The problem:
How many lines of the material below contain the string "have"? Answer with the number and nothing else.
*** Opening Source material ***
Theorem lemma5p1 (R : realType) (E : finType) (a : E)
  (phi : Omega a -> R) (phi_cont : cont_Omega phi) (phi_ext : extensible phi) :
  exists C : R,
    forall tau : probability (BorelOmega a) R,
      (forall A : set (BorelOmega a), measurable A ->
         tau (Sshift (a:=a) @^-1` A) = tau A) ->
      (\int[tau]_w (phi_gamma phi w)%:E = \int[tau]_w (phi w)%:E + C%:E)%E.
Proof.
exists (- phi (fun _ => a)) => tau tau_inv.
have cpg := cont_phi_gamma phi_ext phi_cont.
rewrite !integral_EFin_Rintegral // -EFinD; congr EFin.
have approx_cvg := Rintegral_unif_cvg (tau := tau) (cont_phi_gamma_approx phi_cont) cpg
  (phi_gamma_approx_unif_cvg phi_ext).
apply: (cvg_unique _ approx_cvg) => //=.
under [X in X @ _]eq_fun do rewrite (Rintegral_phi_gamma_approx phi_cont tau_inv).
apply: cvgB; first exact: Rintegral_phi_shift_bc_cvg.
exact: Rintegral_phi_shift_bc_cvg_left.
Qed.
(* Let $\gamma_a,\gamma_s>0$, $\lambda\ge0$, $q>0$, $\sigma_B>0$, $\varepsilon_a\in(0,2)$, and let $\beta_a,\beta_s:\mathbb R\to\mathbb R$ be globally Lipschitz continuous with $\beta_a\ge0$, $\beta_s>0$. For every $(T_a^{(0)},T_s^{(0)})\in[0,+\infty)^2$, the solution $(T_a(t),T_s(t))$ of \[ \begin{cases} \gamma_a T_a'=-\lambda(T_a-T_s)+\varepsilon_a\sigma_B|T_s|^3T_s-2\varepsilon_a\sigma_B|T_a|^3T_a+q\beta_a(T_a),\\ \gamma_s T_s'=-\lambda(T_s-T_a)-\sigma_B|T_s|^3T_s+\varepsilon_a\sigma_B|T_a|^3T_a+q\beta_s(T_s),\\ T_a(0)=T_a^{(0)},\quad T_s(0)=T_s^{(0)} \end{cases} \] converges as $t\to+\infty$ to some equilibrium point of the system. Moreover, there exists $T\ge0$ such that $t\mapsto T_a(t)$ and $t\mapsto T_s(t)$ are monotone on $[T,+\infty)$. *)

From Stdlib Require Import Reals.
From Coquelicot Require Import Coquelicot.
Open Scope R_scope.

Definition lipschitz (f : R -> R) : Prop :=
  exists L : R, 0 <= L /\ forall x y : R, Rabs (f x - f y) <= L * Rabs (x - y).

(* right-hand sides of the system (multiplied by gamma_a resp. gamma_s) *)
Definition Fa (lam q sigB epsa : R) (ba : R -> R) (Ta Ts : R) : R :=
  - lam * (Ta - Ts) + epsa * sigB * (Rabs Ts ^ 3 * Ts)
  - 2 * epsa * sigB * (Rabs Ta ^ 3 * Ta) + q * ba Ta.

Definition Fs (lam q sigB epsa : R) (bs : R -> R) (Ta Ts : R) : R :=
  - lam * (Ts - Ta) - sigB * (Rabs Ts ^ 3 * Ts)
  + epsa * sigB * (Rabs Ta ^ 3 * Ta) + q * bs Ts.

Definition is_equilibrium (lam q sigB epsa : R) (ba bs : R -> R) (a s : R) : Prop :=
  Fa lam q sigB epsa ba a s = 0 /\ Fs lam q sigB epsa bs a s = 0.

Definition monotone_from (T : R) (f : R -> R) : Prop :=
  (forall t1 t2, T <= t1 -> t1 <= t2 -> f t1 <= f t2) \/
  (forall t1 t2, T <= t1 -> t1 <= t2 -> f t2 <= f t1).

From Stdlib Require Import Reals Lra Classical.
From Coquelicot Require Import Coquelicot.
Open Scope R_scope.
*** Closing Source material ***
Answer below:
2